HighVoronoi.VoronoiGeometry — Method

VoronoiGeometry(xs::Points,b::Boundary)

This creates a Voronoi mesh from the points xs given e.g. as an array of SVector and a boundary b that might be constructed using the commands in the Boundaries section.

You have the following optional commands:

silence: Suppresses output to the command line when true. The latter will speed up the algorithm by a few percent. default is false.
integrator: can be either one of the following values:
- VI_GEOMETRY: Only the basic properties of the mesh are provided: the verteces implying a List of neighbors of each node
- VI_MONTECARLO: Volumes, interface areas and integrals are calculated using a montecarlo algorithm. This particular integrator comes up with the following additional paramters:
  - mc_accurate=(int1,int2,int3): Montecarlo integration takes place in int1 directions, over int2 volumetric samples (vor volume integrals only). It reuses the same set of directions int3-times to save memory allocation time. Standard setting is: (1000,100,20).
- VI_POLYGON: We use the polygon structure of the mesh to calculate the exact values of interface area and volume. The integral over functions is calculated using the values at the center, the verteces and linear interpolation between.
- VI_HEURISTIC: When this integrator is chosen, you need to provide a fully computed Geometry including volumes and interface areas.

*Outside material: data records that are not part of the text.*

Lemma qform_Emx_ktilde u :
  (u^T *m Edev *m u) 0 0 =
  s%:R^-1 * (\int[mu]_t (feature_comb phi xs u t * phi x' t) ^+ 2
             - ((u^T *m kvec kappa xs x') 0 0) ^+ 2).
Proof.
set F := fun t => feature_comb phi xs u t * phi x' t.
have hF : bounded_measurable F.
  exact: bounded_measurableM (bounded_measurable_feature_comb u) (phi_bdd x').
set G := fun t => F t - \int[mu]_t F t.
have hG : bounded_measurable G.
  exact: bounded_measurableB (bounded_measurable_cst _).
have devE w :
    (u^T *m (ktilde phi (fun k => v k w) xs x' - kvec kappa xs x')) 0 0 =
    s%:R^-1 * \sum_k G (v k w).
  rewrite mulmxBr [LHS]mxE [X in _ + X]mxE dot_ktilde dot_kvec.
  rewrite /G sumrB sumr_const card_ord mulrBr; congr (_ - _).
  by rewrite -[X in _ * X]mulr_natl mulKf // pnatr_eq0 -lt0n.
rewrite (@qform_Emx_outer _ _ _ _ P (fun w =>
    ktilde phi (fun k => v k w) xs x' - kvec kappa xs x')); last first.
  apply: bounded_measurable_ktilde_sub_kvec => y k.
  exact: bounded_measurable_comp.
under eq_Rintegral => w _ do rewrite devE exprMn.
rewrite RintegralZl_bounded; last first.
  apply: bounded_measurableM; apply: bounded_measurable_sum => k;
    exact: bounded_measurable_comp.
rewrite (Rintegral_sqr_sum_centered v_meas v_indep v_law hG); last first.
  exact: Rintegral_centered.
rewrite Rintegral_centered_sqr // -dot_kvec.
by field; rewrite pnatr_eq0 -lt0n.
Qed.
Fixpoint eval (M : interp) (s : sort) (t : term s) {struct t} : dom M s :=
  match t in term s return dom M s with
  | Cst s n => icst M s n
  | Sk a c => isk M a c
  | Rd a i => ird M (eval M SArr a) (eval M SIdx i)
  | Wr a i u => iwr M (eval M SArr a) (eval M SIdx i) (eval M SElem u)
  | Cnst v => icnst M (eval M SElem v)
  end.

Fixpoint sat (M : interp) (f : formula) : Prop :=
  match f with
  | FTop => True
  | FBot => False
  | FEq s t u => eval M s t = eval M s u
  | FNot g => ~ sat M g
  | FAnd g h => sat M g /\ sat M h
  | FOr g h => sat M g \/ sat M h
  | FImp g h => sat M g -> sat M h
  | FExDist ks => exists x : dom M SIdx, Forall (fun k => x <> eval M SIdx k) ks
  end.

Definition fset := formula -> Prop.
Definition fadd (A : fset) (f : formula) : fset := fun g => A g \/ g = f.
Definition funion (A B : fset) : fset := fun g => A g \/ B g.
Definition sat_set (M : interp) (A : fset) : Prop := forall f, A f -> sat M f.

Inductive occ_t {s : sort} (t : term s) : forall s', term s' -> Prop :=
| occ_refl : occ_t t s t
| occ_rd_a a i : occ_t t SArr a -> occ_t t SElem (Rd a i)
| occ_rd_i a i : occ_t t SIdx i -> occ_t t SElem (Rd a i)
| occ_wr_a a i u : occ_t t SArr a -> occ_t t SArr (Wr a i u)
| occ_wr_i a i u : occ_t t SIdx i -> occ_t t SArr (Wr a i u)
| occ_wr_u a i u : occ_t t SElem u -> occ_t t SArr (Wr a i u)
| occ_cnst v : occ_t t SElem v -> occ_t t SArr (Cnst v).

Inductive subf (g : formula) : formula -> Prop :=
| subf_refl : subf g g
| subf_not f : subf g f -> subf g (FNot f)
| subf_and_l f h : subf g f -> subf g (FAnd f h)
| subf_and_r f h : subf g h -> subf g (FAnd f h)
| subf_or_l f h : subf g f -> subf g (FOr f h)
| subf_or_r f h : subf g h -> subf g (FOr f h)
| subf_imp_l f h : subf g f -> subf g (FImp f h)
| subf_imp_r f h : subf g h -> subf g (FImp f h).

VI_HEURISTIC will then use this information to derive the integral values.
- VI_HEURISTIC_MC: This combines directly VI_MONTECARLO calculations of volumes and interfaces and calculates integral values of functions based on those volumes and areas. In particular, it also relies on mc_accurate!
integrand: This is a function f(x) depending on one spatial variable x returning a Vector{Float64}. The integrated values will be provided for each cell and for each pair of neighbors, i.e. for each interface
periodic_grid: This will initiate a special internal routine to fastly create a periodic grid. Look up the section in the documentation.

With density distribution:

VoronoiGeometry(number::Int,b=Boundary();density, kwargs...)

this call genertates a distribution of approsximately number nodes and generates a VoronoiGeometry. It takes as parameters all of the above mentioned keywords (though periodic_grid makes no sense) and all keywords valid for a call of VoronoiNodes(number;domain=b,density=density, ....)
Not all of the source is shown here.